- Interactive map of Sempor Dam
- Country: Indonesia
- Location: District Gombong, Kebumen, Central Java Province
- Coordinates: 7°33′59.78″S 109°29′10.12″E﻿ / ﻿7.5666056°S 109.4861444°E
- Purpose: Power, water supply, flood control, recreation
- Status: Operational
- Construction began: 1967
- Opening date: 1978; 48 years ago

Dam and spillways
- Type of dam: Embankment, rock-fill
- Impounds: Sempor River
- Height: 58 m (190 ft)

Reservoir
- Total capacity: 56,900,000 m^{3} (46,100 acre⋅ft)
- Surface area: 43 km^{2} (17 mi^{2})

Power Station
- Commission date: 1978
- Turbines: 1 × 1 MW Francis-type
- Installed capacity: 1 MW

= Sempor Dam =

Sempor Dam (Waduk Sempor, ꦮꦝꦸꦏ꧀ꦱꦺꦩ꧀ꦥꦺꦴꦂ) is an embankment dam on the Sempor River in District Gombong, Kebumen, Central Java Province, Republic of Indonesia.
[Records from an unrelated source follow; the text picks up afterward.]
(* Let $G$ be a nonabelian group and let $\psi_1,\dots,\psi_t\in\operatorname{End}(G)$ satisfy $\psi_i([G,G])\le Z(G)$ for all $i$ and $[\psi_i(G),\psi_j(G)]\subseteq Z(G)$ for all $1\le i,j\le t$. For $1\le i\le t$ and $\alpha\in\mathscr{E}$ define $g\circ_{\psi_i,\alpha}h=g\,\psi_i(\alpha(g))\,h\,\psi_i(\alpha(g))^{-1}$. Then \[\Big(G,\ \bigcup_{i=1}^t\{\circ_{\psi_i,\alpha}:\alpha\in\mathscr{E}\}\Big)\] is a brace block.
   Context: $Z(G)$ is the center and $[G,G]$ the commutator subgroup; $[\psi_i(G),\psi_j(G)]$ is the subgroup generated by commutators of elements of $\psi_i(G)$ and $\psi_j(G)$. $\mathscr{E}$ denotes the set of formal expressions $\alpha=n_1\phi_1+\cdots+n_s\phi_s$ with $n_k\in\mathbb Z$, $\phi_k\in\operatorname{End}(G)$ (the free group on $\operatorname{End}(G)$, written additively), acting on $G$ by $\alpha(g)=\phi_1(g^{n_1})\cdots\phi_s(g^{n_s})$. A skew left brace is a triple $(B,\cdot,\circ)$ where $(B,\cdot),(B,\circ)$ are groups and $a\circ(b\cdot c)=(a\circ b)\cdot a^{-1}\cdot(a\circ c)$ for all $a,b,c$, with $a^{-1}$ the inverse in $(B,\cdot)$. A brace block is a set $B$ with a collection $\mathscr O$ of binary operations on $B$ such that $(B,\circ,\star)$ is a skew left brace for every $\circ,\star\in\mathscr O$. *)

From Stdlib Require Import ZArith List.
Import ListNotations.
Set Implicit Arguments.

(* A group structure on a carrier type T (left axioms suffice). *)
Record group (T : Type) := Group {
  gmul : T -> T -> T;
  gone : T;
  ginv : T -> T;
  gmulA : forall x y z, gmul x (gmul y z) = gmul (gmul x y) z;
  gmul1l : forall x, gmul gone x = x;
  gmulVl : forall x, gmul (ginv x) x = gone
}.
Arguments gmul {T} g _ _.
Arguments gone {T} g.
Arguments ginv {T} g _.

Section Defs.
Variables (T : Type) (G : group T).
Local Notation "x * y" := (gmul G x y).

Definition is_endo (f : T -> T) : Prop := forall x y, f (x * y) = f x * f y.

Definition center (x : T) : Prop := forall y, x * y = y * x.

Definition commutator (x y : T) : T := ginv G x * ginv G y * x * y.

Definition subgroup (H : T -> Prop) : Prop :=
  H (gone G) /\ (forall x y, H x -> H y -> H (x * y)) /\ (forall x, H x -> H (ginv G x)).

Definition generated (S : T -> Prop) (x : T) : Prop :=
  forall H, subgroup H -> (forall y, S y -> H y) -> H x.

Definition commset (A B : T -> Prop) : T -> Prop :=
  generated (fun z => exists x y, A x /\ B y /\ z = commutator x y).

Definition fullset (x : T) : Prop := True.

Definition derived : T -> Prop := commset fullset fullset.

Definition image (f : T -> T) (x : T) : Prop := exists g, x = f g.

Definition gpow (g : T) (n : Z) : T :=
  match n with
  | Z0 => gone G
  | Zpos p => Nat.iter (Pos.to_nat p) (fun x => x * g) (gone G)
  | Zneg p => ginv G (Nat.iter (Pos.to_nat p) (fun x => x * g) (gone G))
  end.

(* formal expressions n_1 phi_1 + ... + n_s phi_s, as words *)
Definition expr : Type := list (Z * (T -> T)).
Definition expr_valid (a : expr) : Prop := forall p, In p a -> is_endo (snd p).

Definition act (a : expr) (g : T) : T :=
  fold_right (fun p acc => snd p (gpow g (fst p)) * acc) (gone G) a.

Definition circ (psi : T -> T) (a : expr) (g h : T) : T :=
  g * psi (act a g) * h * ginv G (psi (act a g)).

End Defs.

Section Brace.
Variable T : Type.

Definition group_op_with (op : T -> T -> T) (e : T) (inv : T -> T) : Prop :=
  (forall x y z, op x (op y z) = op (op x y) z) /\
  (forall x, op e x = x /\ op x e = x /\ op (inv x) x = e /\ op x (inv x) = e).

Definition is_group_op (op : T -> T -> T) : Prop :=
  exists e inv, group_op_with op e inv.

Definition skew_left_brace (dot o : T -> T -> T) : Prop :=
  exists e inv, group_op_with dot e inv /\ is_group_op o /\
  forall a b c, o a (dot b c) = dot (dot (o a b) (inv a)) (o a c).

Definition brace_block (O : (T -> T -> T) -> Prop) : Prop :=
  forall o1 o2, O o1 -> O o2 -> skew_left_brace o1 o2.
End Brace.

(* Write λ_g for conjugation by ψ(α(g)). As the images of the ψ_i commute modulo
   Z(G), and inner automorphisms that commute multiply as in an abelian group,
   g ↦ λ_g is a homomorphism from G onto an abelian group of inner automorphisms.
   Such a λ is constant on conjugacy classes, which makes g ∘ h = g λ_g(h) a group
   law with inverse λ_{g^-1}(g^-1); for two such maps λ, μ with commuting images
   the skew brace identity reduces to λ_b μ_a = μ_a λ_b. *)

From Stdlib Require Import ZArith List Setoid Morphisms FunctionalExtensionality.
Set Implicit Arguments.

Section Group.
Variables (T : Type) (G : group T).
Local Notation "x * y" := (gmul G x y).
Local Notation inv := (ginv G).
Local Notation one := (gone G).

Lemma mulgA x y z : x * (y * z) = x * y * z. Proof. apply gmulA. Qed.
Lemma mul1g x : one * x = x. Proof. apply gmul1l. Qed.
Lemma mulVg x : inv x * x = one. Proof. apply gmulVl. Qed.

Lemma mulKg x y : inv x * (x * y) = y.
Proof. now rewrite mulgA, mulVg, mul1g. Qed.

Lemma mulgI x y z : x * y = x * z -> y = z.
Proof. intros E. now rewrite <- (mulKg x y), E, mulKg. Qed.

Lemma idempotent_one e : e * e = e -> e = one.
Proof.
  intros E. transitivity (inv e * (e * e)).
  - now rewrite mulKg.
  - now rewrite E, mulVg.
Qed.

Lemma mulgV x : x * inv x = one.
Proof. apply idempotent_one. now rewrite <- (mulgA x), mulKg. Qed.

Lemma mulg1 x : x * one = x.
Proof. now rewrite <- (mulVg x), mulgA, mulgV, mul1g. Qed.

Lemma mulgK x y : y * x * inv x = y.
Proof. now rewrite <- mulgA, mulgV, mulg1. Qed.

Lemma mulgKV x y : y * inv x * x = y.
Proof. now rewrite <- mulgA, mulVg, mulg1. Qed.

Lemma invg_unique x y : x * y = one -> inv x = y.
Proof. intros E. apply (mulgI x). now rewrite mulgV, E. Qed.

Lemma invMg x y : inv (x * y) = inv y * inv x.
Proof. apply invg_unique. now rewrite mulgA, mulgK, mulgV. Qed.

Lemma invg1 : inv one = one.
Proof. apply invg_unique, mul1g. Qed.

Definition conjl (c h : T) : T := c * h * inv c.

Lemma conjl_byM p q h : conjl (p * q) h = conjl p (conjl q h).
Proof. unfold conjl. now rewrite invMg, !mulgA. Qed.

Lemma conjl_by1 h : conjl one h = h.
Proof. unfold conjl. now rewrite invg1, mul1g, mulg1. Qed.

Lemma conjlM c x y : conjl c (x * y) = conjl c x * conjl c y.
Proof. unfold conjl. now rewrite !mulgA, mulgKV. Qed.

Lemma conjl1 c : conjl c one = one.
Proof. unfold conjl. now rewrite mulg1, mulgV. Qed.

Lemma conjlKV c h : conjl c (conjl (inv c) h) = h.
Proof. now rewrite <- conjl_byM, mulgV, conjl_by1. Qed.

Lemma conjl_central z h : center G z -> conjl z h = h.
Proof. intros Hz. unfold conjl. now rewrite Hz, mulgK. Qed.

(* [c ≡ d]: c and d induce the same inner automorphism, i.e. agree modulo Z(G). *)
Record inner_eq (c d : T) : Prop :=
  InnerEq { conjl_inner : forall h, conjl c h = conjl d h }.
Local Notation "c ≡ d" := (inner_eq c d) (at level 70).

#[global] Instance inner_eq_equiv : Equivalence inner_eq.
Proof.
  split.
  - now constructor.
  - intros c d [E]. constructor. intros h. now rewrite E.
  - intros c d e [E1] [E2]. constructor. intros h. now rewrite E1, E2.
Qed.

#[global] Instance gmul_inner_proper :
  Proper (inner_eq ==> inner_eq ==> inner_eq) (gmul G).
Proof.
  intros c c' [Ec] d d' [Ed]. constructor. intros h. now rewrite !conjl_byM, Ed, Ec.
Qed.

#[global] Instance ginv_inner_proper : Proper (inner_eq ==> inner_eq) (ginv G).
Proof.
  intros c d [E]. constructor. intros h.
  rewrite <- (conjlKV d h) at 1.
  now rewrite <- E, <- conjl_byM, mulVg, conjl_by1.
Qed.

Lemma central_inner_one z : center G z -> z ≡ one.
Proof. constructor. intros h. now rewrite conjl_by1, conjl_central. Qed.

Lemma central_commutator_inner_comm x y :
  center G (commutator G x y) -> x * y ≡ y * x.
Proof.
  intros Hz.
  assert (E : y * x * commutator G x y = x * y).
  { unfold commutator. now rewrite !mulgA, mulgK, mulgV, mul1g. }
  now rewrite <- E, (central_inner_one Hz), mulg1.
Qed.

Lemma inner_mulACA a b c d : b * c ≡ c * b -> a * b * (c * d) ≡ a * c * (b * d).
Proof. intros E. now rewrite !mulgA, <- (mulgA a b), E, mulgA. Qed.

Local Notation inner_morph F := (forall x y, F (x * y) ≡ F x * F y).
Local Notation inner_commuting F M := (forall x y, F x * M y ≡ M y * F x).

Definition twisted_mul (F : T -> T) (x y : T) : T := x * conjl (F x) y.
Definition twisted_inv (F : T -> T) (x : T) : T := conjl (F (inv x)) (inv x).

Section TwistedGroup.
Variable F : T -> T.
Hypothesis F_morph : inner_morph F.
Hypothesis F_comm : inner_commuting F F.

Lemma inner_morph_one : F one ≡ one.
Proof.
  assert (E : F one ≡ F one * F one) by now rewrite <- F_morph, mul1g.
  rewrite <- (mulKg (F one) (F one)) at 1.
  now rewrite <- E, mulVg.
Qed.

Lemma inner_morph_conjl c y : F (conjl c y) ≡ F y.
Proof.
  unfold conjl. rewrite !F_morph, (F_comm c y), <- mulgA, <- (F_morph c).
  now rewrite mulgV, inner_morph_one, mulg1.
Qed.

Lemma inner_morph_twisted_mul x y : F (twisted_mul F x y) ≡ F x * F y.
Proof. unfold twisted_mul. now rewrite F_morph, inner_morph_conjl. Qed.

Lemma twisted_mul_invl a w :
  twisted_mul F (twisted_inv F a) w = conjl (F (inv a)) (inv a * w).
Proof.
  unfold twisted_mul, twisted_inv.
  now rewrite (conjl_inner (inner_morph_conjl _ _)), conjlM.
Qed.

Lemma twisted_group : group_op_with (twisted_mul F) one (twisted_inv F).
Proof.
  split.
  - intros x y z. unfold twisted_mul.
    rewrite conjlM, mulgA. f_equal.
    rewrite <- conjl_byM. symmetry. apply conjl_inner, inner_morph_twisted_mul.
  - intros x. unfold twisted_mul. repeat split.
    + now rewrite (conjl_inner inner_morph_one), conjl_by1, mul1g.
    + now rewrite conjl1, mulg1.
    + fold (twisted_mul F (twisted_inv F x) x).
      now rewrite twisted_mul_invl, mulVg, conjl1.
    + unfold twisted_inv. rewrite <- conjl_byM, (conjl_inner (symmetry (F_morph _ _))).
      now rewrite mulgV, (conjl_inner inner_morph_one), conjl_by1, mulgV.
Qed.

End TwistedGroup.

Section TwistedBrace.
Variables F M : T -> T.
Hypothesis F_morph : inner_morph F.
Hypothesis F_comm : inner_commuting F F.
Hypothesis M_morph : inner_morph M.
Hypothesis M_comm : inner_commuting M M.
Hypothesis FM_comm : inner_commuting F M.

Lemma twisted_skew_brace : skew_left_brace (twisted_mul F) (twisted_mul M).
Proof.
  destruct (twisted_group F F_morph F_comm) as [F_assoc F_unit].
  exists one, (twisted_inv F). split; [split; assumption |].
  split; [exists one, (twisted_inv M); exact (twisted_group M M_morph M_comm) |].
  intros a b c.
  rewrite <- F_assoc, (twisted_mul_invl F F_morph F_comm).
  unfold twisted_mul. rewrite mulKg, conjlM, mulgA. f_equal.
  rewrite <- !conjl_byM. apply conjl_inner.
  (* both sides act as μ_a λ_b, since λ_{a μ_a(b)} λ_{a^-1} = λ_b *)
  rewrite F_morph, (inner_morph_conjl F F_morph F_comm), (F_comm a b).
  rewrite <- (mulgA (F b)), <- (F_morph a), mulgV, (inner_morph_one F F_morph), mulg1.
  symmetry. apply FM_comm.
Qed.

End TwistedBrace.

Fixpoint npow (g : T) (k : nat) : T :=
  match k with O => one | S k => npow g k * g end.

Lemma iter_npow g k : Nat.iter k (fun x => x * g) one = npow g k.
Proof. induction k as [|k IH]; simpl; congruence. Qed.

Lemma npow_inner_comm p q k : p * q ≡ q * p -> p * npow q k ≡ npow q k * p.
Proof.
  intros E. induction k as [|k IH]; simpl.
  - now rewrite mul1g, mulg1.
  - now rewrite mulgA, IH, <- mulgA, E, mulgA.
Qed.

Lemma npowM_inner p q k : p * q ≡ q * p -> npow (p * q) k ≡ npow p k * npow q k.
Proof.
  intros E. induction k as [|k IH]; simpl.
  - now rewrite mul1g.
  - rewrite IH, inner_mulACA; [reflexivity |].
    symmetry. now apply npow_inner_comm.
Qed.

Lemma gpowM_inner p q n : p * q ≡ q * p -> gpow G (p * q) n ≡ gpow G p n * gpow G q n.
Proof.
  intros E. unfold gpow. destruct n as [|k|k]; rewrite ?iter_npow.
  - now rewrite mul1g.
  - now apply npowM_inner.
  - set (m := Pos.to_nat k).
    assert (Ecomm : npow p m * npow q m ≡ npow q m * npow p m).
    { apply npow_inner_comm. symmetry. apply npow_inner_comm. now symmetry. }
    now rewrite (npowM_inner _ _ m E), Ecomm, invMg.
Qed.

Lemma endo_one f : is_endo G f -> f one = one.
Proof. intros Hf. apply idempotent_one. now rewrite <- Hf, mul1g. Qed.

Lemma endo_inv f x : is_endo G f -> f (inv x) = inv (f x).
Proof. intros Hf. symmetry. apply invg_unique. now rewrite <- Hf, mulgV, endo_one. Qed.

Lemma endo_gpow f x n : is_endo G f -> f (gpow G x n) = gpow G (f x) n.
Proof.
  intros Hf.
  assert (Hpow : forall k, f (npow x k) = npow (f x) k).
  { induction k as [|k IH]; simpl; [apply endo_one | rewrite Hf, IH]; auto. }
  unfold gpow. destruct n; rewrite ?iter_npow, ?endo_inv, ?Hpow; auto using endo_one.
Qed.

Lemma inner_morph_endo_gpow f n :
  is_endo G f -> inner_commuting f f -> inner_morph (fun g => f (gpow G g n)).
Proof.
  intros Hf Hc x y. cbv beta. now rewrite !endo_gpow, Hf, gpowM_inner by auto.
Qed.

Lemma inner_morph_mul F M :
  inner_morph F -> inner_morph M -> inner_commuting F M ->
  inner_morph (fun g => F g * M g).
Proof. intros HF HM HFM x y. cbv beta. now rewrite HF, HM, inner_mulACA. Qed.

Lemma inner_morph_act psi (a : expr T) :
  is_endo G psi -> expr_valid G a -> inner_commuting psi psi ->
  inner_morph (fun g => psi (act G a g)).
Proof.
  intros Hpsi Ha Hc. induction a as [|[n phi] a IH].
  - intros x y. simpl. now rewrite endo_one, mul1g.
  - assert (Hphi : is_endo G phi) by (apply (Ha (n, phi)); now left).
    assert (E : forall g, psi (act G ((n, phi) :: a) g)
                          = psi (phi (gpow G g n)) * psi (act G a g))
      by (intros g; apply Hpsi).
    intros x y. rewrite !E.
    apply (inner_morph_mul (fun g => psi (phi (gpow G g n))) (fun g => psi (act G a g))).
    + apply (inner_morph_endo_gpow (f := fun z => psi (phi z))); [| intros ? ?; apply Hc].
      intros u v. now rewrite Hphi, Hpsi.
    + apply IH. intros p Hp. apply Ha. now right.
    + intros ? ?. apply Hc.
Qed.

Lemma circ_twisted psi (a : expr T) :
  circ G psi a = twisted_mul (fun g => psi (act G a g)).
Proof.
  apply functional_extensionality; intros g.
  apply functional_extensionality; intros h.
  unfold circ, twisted_mul, conjl. now rewrite !mulgA.
Qed.

Lemma generated_gen (S : T -> Prop) x : S x -> generated G S x.
Proof. intros Hx H _ HS. now apply HS. Qed.

Lemma central_commset_inner_commuting f g :
  (forall x, commset G (image f) (image g) x -> center G x) -> inner_commuting f g.
Proof.
  intros Hcentral u v. apply central_commutator_inner_comm, Hcentral, generated_gen.
  exists (f u), (g v). repeat split; eexists; reflexivity.
Qed.

End Group.

Theorem corollary3p4 (T : Type) (G : group T) (t : nat) (psi : nat -> T -> T) :
  (exists g h, gmul G g h <> gmul G h g) ->
  (forall i, i < t -> is_endo G (psi i)) ->
  (forall i, i < t -> forall x, derived G x -> center G (psi i x)) ->
  (forall i j, i < t -> j < t ->
     forall x, commset G (image (psi i)) (image (psi j)) x -> center G x) ->
  brace_block (fun op : T -> T -> T =>
    exists i (a : expr T), i < t /\ expr_valid G a /\ op = circ G (psi i) a).
Proof.
  intros _ Hendo _ Hcomm o1 o2 [i [a [Hi [Ha ->]]]] [j [b [Hj [Hb ->]]]].
  rewrite !circ_twisted.
  apply twisted_skew_brace; try apply inner_morph_act; auto;
    intros x y;
    apply (central_commset_inner_commuting (f := psi _) (g := psi _)), Hcomm; auto.
Qed.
In addition to being a tourist attraction Sempor Dam is a source of irrigation water for farmers. It helps irrigate thousands of paddy fields in the delta. It also provides for flood control and has a 1 MW hydroelectric power station at its base. Construction on the dam started in 1967 but in the same year water from flash floods over-topped it, causing the dam to fail on 29 November 1967. The wave of water killed 160 people in three towns, including Magelang. and delivered widespread damage to the area. Construction later restarted on the dam and it was completed in 1978. Its power station was later commissioned in 1980.